(* Let $d\geq 2$ and let $\rho$ be a diagonal symmetric (DS) state acting on $\mathbb{C}^d\otimes\mathbb{C}^d$, with associated matrix $M(\rho)$. Then $\rho$ is PPT (i.e. its partial transpose $\rho^{T_B}$ is positive semidefinite) if and only if $M(\rho)$ is doubly non-negative.
   Context: Let $\{\ket{0},\dots,\ket{d-1}\}$ be the computational basis of $\mathbb{C}^d$. Define $\ket{D_{ii}}=\ket{ii}$ and, for $i<j$, $\ket{D_{ij}}=(\ket{ij}+\ket{ji})/\sqrt{2}$. A state $\rho$ on $\mathbb{C}^d\otimes\mathbb{C}^d$ is diagonal symmetric (DS) if $\rho=\sum_{0\le i\le j<d}p_{ij}\ket{D_{ij}}\bra{D_{ij}}$ with $p_{ij}\ge 0$ and $\sum_{i\le j}p_{ij}=1$; set $p_{ji}=p_{ij}$. Its associated matrix $M(\rho)$ is the real symmetric $d\times d$ matrix with $M(\rho)_{ii}=p_{ii}$ and $M(\rho)_{ij}=p_{ij}/2$ for $i\ne j$. The partial transpose $\rho^{T_B}$ is taken with respect to the computational basis of the second factor. A real symmetric matrix $A$ is doubly non-negative if $A\succeq 0$ and all its entries are non-negative. *)

From HB Require Import structures.
From mathcomp Require Import all_boot all_order all_algebra.
From mathcomp Require Import complex.
Set Implicit Arguments. Unset Strict Implicit. Unset Printing Implicit Defensive.
Import Order.TTheory GRing.Theory Num.Theory.
Local Open Scope ring_scope.

(* Positive semidefinite complex matrix: Hermitian and v^* A v >= 0 for all v
   (in a numClosedFieldType, 0 <= z means z is real and nonnegative). *)
Definition psdC (C : numClosedFieldType) (n : nat) (A : 'M[C]_n) : Prop :=
  (map_mx Num.conj A)^T = A /\
  forall v : 'cV[C]_n, 0 <= ((map_mx Num.conj v)^T *m A *m v) 0 0.

Definition psdR (R : realFieldType) (n : nat) (A : 'M[R]_n) : Prop :=
  A^T = A /\ forall v : 'cV[R]_n, 0 <= (v^T *m A *m v) 0 0.

Definition doubly_nonneg (R : realFieldType) (n : nat) (A : 'M[R]_n) : Prop :=
  psdR A /\ forall i j, 0 <= A i j.

Definition ket2 (C : nzRingType) (d : nat) (i j : 'I_d) : 'cV[C]_(d * d) :=
  delta_mx (mxvec_index i j) 0.

Definition Dket (R : rcfType) (d : nat) (i j : 'I_d) : 'cV[complex R]_(d * d) :=
  if i == j then ket2 _ i i
  else ((Num.sqrt (2 : R))^-1)%:C%C *: (ket2 _ i j + ket2 _ j i).

Definition DSstate (R : rcfType) (d : nat) (p : 'I_d -> 'I_d -> R)
  : 'M[complex R]_(d * d) :=
  \sum_(i < d) \sum_(j < d | (i <= j)%N)
     (p i j)%:C%C *: (@Dket R d i j *m (map_mx Num.conj (@Dket R d i j))^T).

(* Partial transpose on the second factor, w.r.t. the computational basis:
   <i l| A^{T_B} |k j> = <i j| A |k l>. *)
Definition ptB (C : nzRingType) (d : nat) (A : 'M[C]_(d * d)) : 'M[C]_(d * d) :=
  \sum_(i < d) \sum_(j < d) \sum_(k < d) \sum_(l < d)
     A (mxvec_index i j) (mxvec_index k l) *:
       delta_mx (mxvec_index i l) (mxvec_index k j).

Definition Mmat (R : rcfType) (d : nat) (p : 'I_d -> 'I_d -> R) : 'M[R]_d :=
  \matrix_(i, j) (if i == j then p i i else p i j / 2).

From HB Require Import structures.
From mathcomp Require Import all_boot all_order all_algebra.
From mathcomp Require Import complex.
Import Order.TTheory GRing.Theory Num.Theory.
Local Open Scope ring_scope.

(* Partial transposition sends |D_ij><D_ij| to a combination of |ii><jj|,
   |jj><ii|, |ij><ij| and |ji><ji|.  Hence rho^{T_B} is the direct sum of
   M(rho), acting on span{|ii>}, and the diagonal matrix with entries M_ij
   on the vectors |ij>, i <> j.  So rho^{T_B} >= 0 iff M(rho) >= 0 and
   M_ij >= 0 for i <> j; the latter holds for every DS state.  A real symmetric matrix is
   positive semidefinite on complex vectors as soon as it is on real ones:
   split the vector into its real and imaginary parts. *)

Lemma sum_upper_triangle (V : nmodType) n (f : 'I_n -> 'I_n -> V) :
  \sum_(i < n) \sum_(j < n | (i <= j)%N) (if i == j then f i i else f i j + f j i)
  = \sum_(i < n) \sum_(j < n) f i j.
Proof.
have diag_out (g : 'I_n -> V) (i : 'I_n) :
    \sum_(j < n | (i <= j)%N) g j = g i + \sum_(j < n | (i < j)%N) g j.
  rewrite (bigD1 i) //=; congr (_ + _); apply: eq_bigl => j.
  by rewrite ltn_neqAle andbC eq_sym.
have lower_up : \sum_(i < n) \sum_(j < n | (j < i)%N) f i j
              = \sum_(i < n) \sum_(j < n | (i < j)%N) f j i.
  by rewrite (exchange_big_dep xpredT).
under [RHS]eq_bigr => i _ do rewrite (bigID (fun j : 'I_n => (i <= j)%N)) /=.
rewrite big_split /=.
under [X in _ = _ + X]eq_bigr do under eq_bigl do rewrite -ltnNge.
rewrite lower_up -big_split /=; apply: eq_bigr => i _.
rewrite diag_out eqxx diag_out -addrA -big_split /=; congr (_ + _).
by apply: eq_big => [j|j /ltn_eqF]; [|rewrite -[val i == val j]/(i == j) => ->].
Qed.

Lemma eq_mxvec_index m n (i k : 'I_m) (j l : 'I_n) :
  (mxvec_index i j == mxvec_index k l) = (i == k) && (j == l).
Proof.
by rewrite /mxvec_index (inj_eq (@cast_ord_inj _ _ _)) (inj_eq enum_rank_inj).
Qed.

Section PartialTranspose.
Variables (C : nzRingType) (d : nat).
Local Notation mi := (@mxvec_index d d).

Lemma ptBE (A : 'M[C]_(d * d)) a b c e :
  ptB A (mi a b) (mi c e) = A (mi a e) (mi c b).
Proof.
rewrite /ptB summxE (big_only1 a) // => [|i /negPf nai _]; last first.
  rewrite summxE big1 // => j _; rewrite summxE big1 // => k _.
  rewrite summxE big1 // => l _.
  by rewrite !mxE !eq_mxvec_index eq_sym nai mulr0.
rewrite summxE (big_only1 e) // => [|j /negPf nje _]; last first.
  rewrite summxE big1 // => k _; rewrite summxE big1 // => l _.
  by rewrite !mxE !eq_mxvec_index [e == _]eq_sym nje !andbF mulr0.
rewrite summxE (big_only1 c) // => [|k /negPf nkc _]; last first.
  rewrite summxE big1 // => l _.
  by rewrite !mxE !eq_mxvec_index [c == _]eq_sym nkc /= !andbF mulr0.
rewrite summxE (big_only1 b) // => [|l /negPf nlb _].
  by rewrite !mxE !eq_mxvec_index !eqxx mulr1.
by rewrite !mxE !eq_mxvec_index [b == _]eq_sym nlb /= !andbF mulr0.
Qed.

Lemma ptB_is_linear : linear (@ptB C d).
Proof.
move=> s A B; apply/matrixP => x y.
by case/mxvec_indexP: x => a b; case/mxvec_indexP: y => c e; rewrite !mxE !ptBE !mxE.
Qed.

HB.instance Definition _ :=
  GRing.isLinear.Build C 'M[C]_(d * d) 'M[C]_(d * d) _ (@ptB C d) ptB_is_linear.

Lemma ptB_delta i j k l :
  ptB (delta_mx (mi i j) (mi k l)) = delta_mx (mi i l) (mi k j) :> 'M[C]_(d * d).
Proof.
apply/matrixP => x y.
case/mxvec_indexP: x => a b; case/mxvec_indexP: y => c e.
rewrite ptBE !mxE !eq_mxvec_index.
by case: (a == i); case: (e == j); case: (c == k); case: (b == l).
Qed.

End PartialTranspose.

Section HermitianForm.
Context {C : numClosedFieldType} {n : nat}.

Definition hform (w : 'cV[C]_n) (A : 'M[C]_n) : C :=
  ((map_mx Num.conj w)^T *m A *m w) 0 0.

Lemma hform_is_linear w : scalar (hform w).
Proof.
by move=> a A B; rewrite /hform mulmxDr mulmxDl -scalemxAr -scalemxAl !mxE.
Qed.

HB.instance Definition _ w :=
  GRing.isLinear.Build C 'M[C]_n C _ (hform w) (hform_is_linear w).

Lemma hformE w A :
  hform w A = \sum_i \sum_j Num.conj (w i 0) * A i j * w j 0.
Proof.
rewrite /hform mxE; under eq_bigr do rewrite mxE big_distrl.
rewrite exchange_big; apply: eq_bigr => i _; apply: eq_bigr => j _.
by rewrite !mxE.
Qed.

Lemma hform_delta w x y : hform w (delta_mx x y) = Num.conj (w x 0) * w y 0.
Proof.
rewrite hformE (big_only1 x) // => [|i /negPf nix _]; last first.
  by rewrite big1 // => j _; rewrite mxE nix mulr0 mul0r.
rewrite (big_only1 y) // => [|j /negPf njy _]; first by rewrite mxE !eqxx mulr1.
by rewrite mxE eqxx njy mulr0 mul0r.
Qed.

Lemma conj_delta_mx m k (x : 'I_m) (y : 'I_k) :
  map_mx Num.conj (delta_mx x y : 'M[C]_(m, k)) = delta_mx x y.
Proof. by apply/matrixP => a b; rewrite !mxE rmorph_nat. Qed.

End HermitianForm.

Lemma ptB_adjoint (C : numClosedFieldType) d (A : 'M[C]_(d * d)) :
  (map_mx Num.conj (ptB A))^T = ptB ((map_mx Num.conj A)^T).
Proof.
apply/matrixP => x y.
by case/mxvec_indexP: x => a b; case/mxvec_indexP: y => c e; rewrite !(mxE, ptBE).
Qed.

Section RealMatrices.
Variable R : rcfType.
Local Notation toC := (map_mx (real_complex R)).

(* [Num.conj] on [R[i]] is [conjc] only up to unfolding, so [conjc_real] does
   not rewrite it directly. *)
Lemma conj_real_complex (x : R) : Num.conj (x%:C)%C = (x%:C)%C.
Proof. exact: conjc_real. Qed.

Lemma conj_toC m n (A : 'M[R]_(m, n)) : map_mx Num.conj (toC A) = toC A.
Proof. by apply/matrixP => i j; rewrite !mxE conj_real_complex. Qed.

Lemma hform_toC_ReIm n (M : 'M[R]_n) (x y : 'cV[R]_n) : M^T = M ->
  hform (toC x + 'i%C *: toC y) (toC M) =
  ((x^T *m M *m x) 0 0 + (y^T *m M *m y) 0 0)%:C%C.
Proof.
move=> symM.
have symyx : y^T *m M *m x = x^T *m M *m y.
  have tr11 (A : 'M[R]_1) : A^T = A by apply/matrixP => i j; rewrite mxE !ord1.
  by rewrite -[LHS]tr11 !trmx_mul trmxK symM mulmxA.
have conj_i : Num.conj 'i%C = - 'i%C :> R[i] by simpc.
rewrite /hform map_mxD map_mxZ !conj_toC /= conj_i scaleNr linearB linearZ /=.
rewrite !(mulmxDr, mulmxBl, mulmxDl) -!scalemxAl -!scalemxAr !map_trmx -!map_mxM.
rewrite symyx addrA subrK scalerA -expr2 sqr_i scaleN1r opprK -map_mxD.
by rewrite !mxE.
Qed.

Lemma hform_toC n (M : 'M[R]_n) (v : 'cV[R]_n) :
  hform (toC v) (toC M) = ((v^T *m M *m v) 0 0)%:C%C.
Proof. by rewrite /hform conj_toC map_trmx -!map_mxM mxE. Qed.

Lemma hform_toC_ge0 n (M : 'M[R]_n) (z : 'cV[R[i]]_n) :
  psdR M -> 0 <= hform z (toC M).
Proof.
move=> [symM psdM].
have -> : z = toC (map_mx (@complex.Re R) z) + 'i%C *: toC (map_mx (@complex.Im R) z).
  by apply/matrixP => i j; rewrite !mxE -complexE.
by rewrite hform_toC_ReIm // ler0c addr_ge0.
Qed.

End RealMatrices.

Section DSstates.
Context {R : rcfType} {d : nat}.
Local Notation C := (complex R).
Local Notation mi := (@mxvec_index d d).
Local Notation dl x y := (delta_mx x y : 'M[C]_(d * d)).
Local Notation toC := (map_mx (real_complex R)).

Lemma conj_Dket i j : map_mx Num.conj (@Dket R d i j) = @Dket R d i j.
Proof.
rewrite /Dket /ket2; case: eqP => _; first exact: conj_delta_mx.
by rewrite map_mxZ map_mxD !conj_delta_mx /= conj_real_complex.
Qed.

Lemma Dket_outer i j :
  @Dket R d i j *m (map_mx Num.conj (@Dket R d i j))^T =
  if i == j then dl (mi i i) (mi i i)
  else (2^-1)%:C%C *: (dl (mi i j) (mi i j) + dl (mi i j) (mi j i)
                       + dl (mi j i) (mi i j) + dl (mi j i) (mi j i)).
Proof.
rewrite conj_Dket /Dket /ket2; case: eqP => _; first by rewrite trmx_delta mul_delta_mx.
rewrite linearZ /= -scalemxAl -scalemxAr scalerA -rmorphM /= -invfM -expr2.
rewrite sqr_sqrtr ?ler0n // linearD /= mulmxDl !mulmxDr !trmx_delta !mul_delta_mx.
by rewrite !addrA.
Qed.

Lemma DSstate_adjoint (p : 'I_d -> 'I_d -> R) :
  (map_mx Num.conj (DSstate p))^T = DSstate p.
Proof.
rewrite /DSstate map_mx_sum linear_sum; apply: eq_bigr => i _.
rewrite map_mx_sum linear_sum; apply: eq_bigr => j _.
rewrite map_mxZ linearZ /= conj_real_complex map_mxM -map_trmx !conj_Dket.
by rewrite trmx_mul trmxK.
Qed.

Context {p : 'I_d -> 'I_d -> R}.
Hypothesis hsym : forall i j, p j i = p i j.

Lemma Mmat_sym : (Mmat p)^T = Mmat p.
Proof.
by apply/matrixP => i j; rewrite !mxE eq_sym; case: eqP => [->|_] //; rewrite hsym.
Qed.

Lemma ptB_DSstate : ptB (DSstate p) =
  \sum_i \sum_j (Mmat p i j)%:C%C *:
    (dl (mi i i) (mi j j) + (if i == j then 0 else dl (mi i j) (mi i j))).
Proof.
rewrite /DSstate linear_sum; under eq_bigr do rewrite linear_sum.
rewrite -(@sum_upper_triangle _ _ (fun i j => (Mmat p i j)%:C%C *:
    (dl (mi i i) (mi j j) + (if i == j then 0 else dl (mi i j) (mi i j))))).
apply: eq_bigr => i _; apply: eq_bigr => j _.
rewrite linearZ Dket_outer /= !mxE; case: eqVneq => [<-|nij].
  by rewrite !eqxx ptB_delta addr0.
rewrite hsym linearZ !linearD /= !ptB_delta scalerA -rmorphM /=.
by rewrite !scalerDr !addrA [X in X + _ + _ = _]addrC.
Qed.

Definition diag_coords (w : 'cV[C]_(d * d)) : 'cV[C]_d := \col_i w (mi i i) 0.

Lemma hform_ptB_DSstate w : hform w (ptB (DSstate p)) =
  hform (diag_coords w) (toC (Mmat p)) +
  \sum_i \sum_(j | i != j) (Mmat p i j)%:C%C * (Num.conj (w (mi i j) 0) * w (mi i j) 0).
Proof.
rewrite ptB_DSstate linear_sum; under eq_bigr do rewrite linear_sum.
under eq_bigr do under eq_bigr do
  rewrite linearZ linearD /= (fun_if (hform w)) linear0 !hform_delta mulrDr.
under eq_bigr do rewrite big_split /=.
rewrite big_split /= hformE; congr (_ + _).
  apply: eq_bigr => i _; apply: eq_bigr => j _.
  by rewrite !mxE mulrCA mulrA.
apply: eq_bigr => i _; rewrite [RHS]big_mkcond; apply: eq_bigr => j _.
by case: eqP; rewrite ?mulr0.
Qed.

(* The vector \sum_i u_i |ii>. *)
Definition diag_ket (u : 'cV[C]_d) : 'cV[C]_(d * d) := (mxvec (diag_mx u^T))^T.

Lemma hform_ptB_DSstate_diag_ket u :
  hform (diag_ket u) (ptB (DSstate p)) = hform u (toC (Mmat p)).
Proof.
have diag_ketE i j : diag_ket u (mi i j) 0 = u i 0 *+ (i == j).
  by rewrite mxE mxvecE !mxE.
rewrite hform_ptB_DSstate big1 ?addr0 => [|i _].
  by congr hform; apply/colP => i; rewrite mxE diag_ketE eqxx.
by rewrite big1 // => j /negPf nij; rewrite diag_ketE nij /= mulr0n !mulr0.
Qed.

Lemma Mmat_ge0 : (forall i j, 0 <= p i j) -> forall i j, 0 <= Mmat p i j.
Proof. by move=> p_ge0 i j; rewrite mxE; case: eqP => _; rewrite ?divr_ge0. Qed.

End DSstates.

Theorem theorem2 (R : rcfType) (d : nat) (p : 'I_d -> 'I_d -> R)
  (hd : (2 <= d)%N)
  (hsym : forall i j, p j i = p i j)
  (hnn : forall i j, 0 <= p i j)
  (hsum : \sum_(i < d) \sum_(j < d | (i <= j)%N) p i j = 1) :
  psdC (ptB (DSstate p)) <-> doubly_nonneg (Mmat p).
Proof.
split=> [[_ psd_ptB] | [psdM _]].
  split; last exact: Mmat_ge0.
  split=> [|v]; first exact: Mmat_sym.
  rewrite -ler0c -hform_toC -(hform_ptB_DSstate_diag_ket hsym).
  exact: psd_ptB.
split=> [|w]; first by rewrite ptB_adjoint DSstate_adjoint.
rewrite -/(hform w _) (hform_ptB_DSstate hsym) addr_ge0 //.
  exact: hform_toC_ge0.
apply: sumr_ge0 => i _; apply: sumr_ge0 => j _.
by rewrite mulr_ge0 ?ler0c ?Mmat_ge0 // mulrC mul_conjC_ge0.
Qed.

++++++++

_Task brief_
Could you retype exactly the lines above, starting at the line that contains "rewrite big_split /= hformE; congr (_ + _)." and ending at the line that contains "Definition diag_ket (u", and nothing more?

_Answer area_
rewrite big_split /= hformE; congr (_ + _).
  apply: eq_bigr => i _; apply: eq_bigr => j _.
  by rewrite !mxE mulrCA mulrA.
apply: eq_bigr => i _; rewrite [RHS]big_mkcond; apply: eq_bigr => j _.
by case: eqP; rewrite ?mulr0.
Qed.

(* The vector \sum_i u_i |ii>. *)
Definition diag_ket (u : 'cV[C]_d) : 'cV[C]_(d * d) := (mxvec (diag_mx u^T))^T.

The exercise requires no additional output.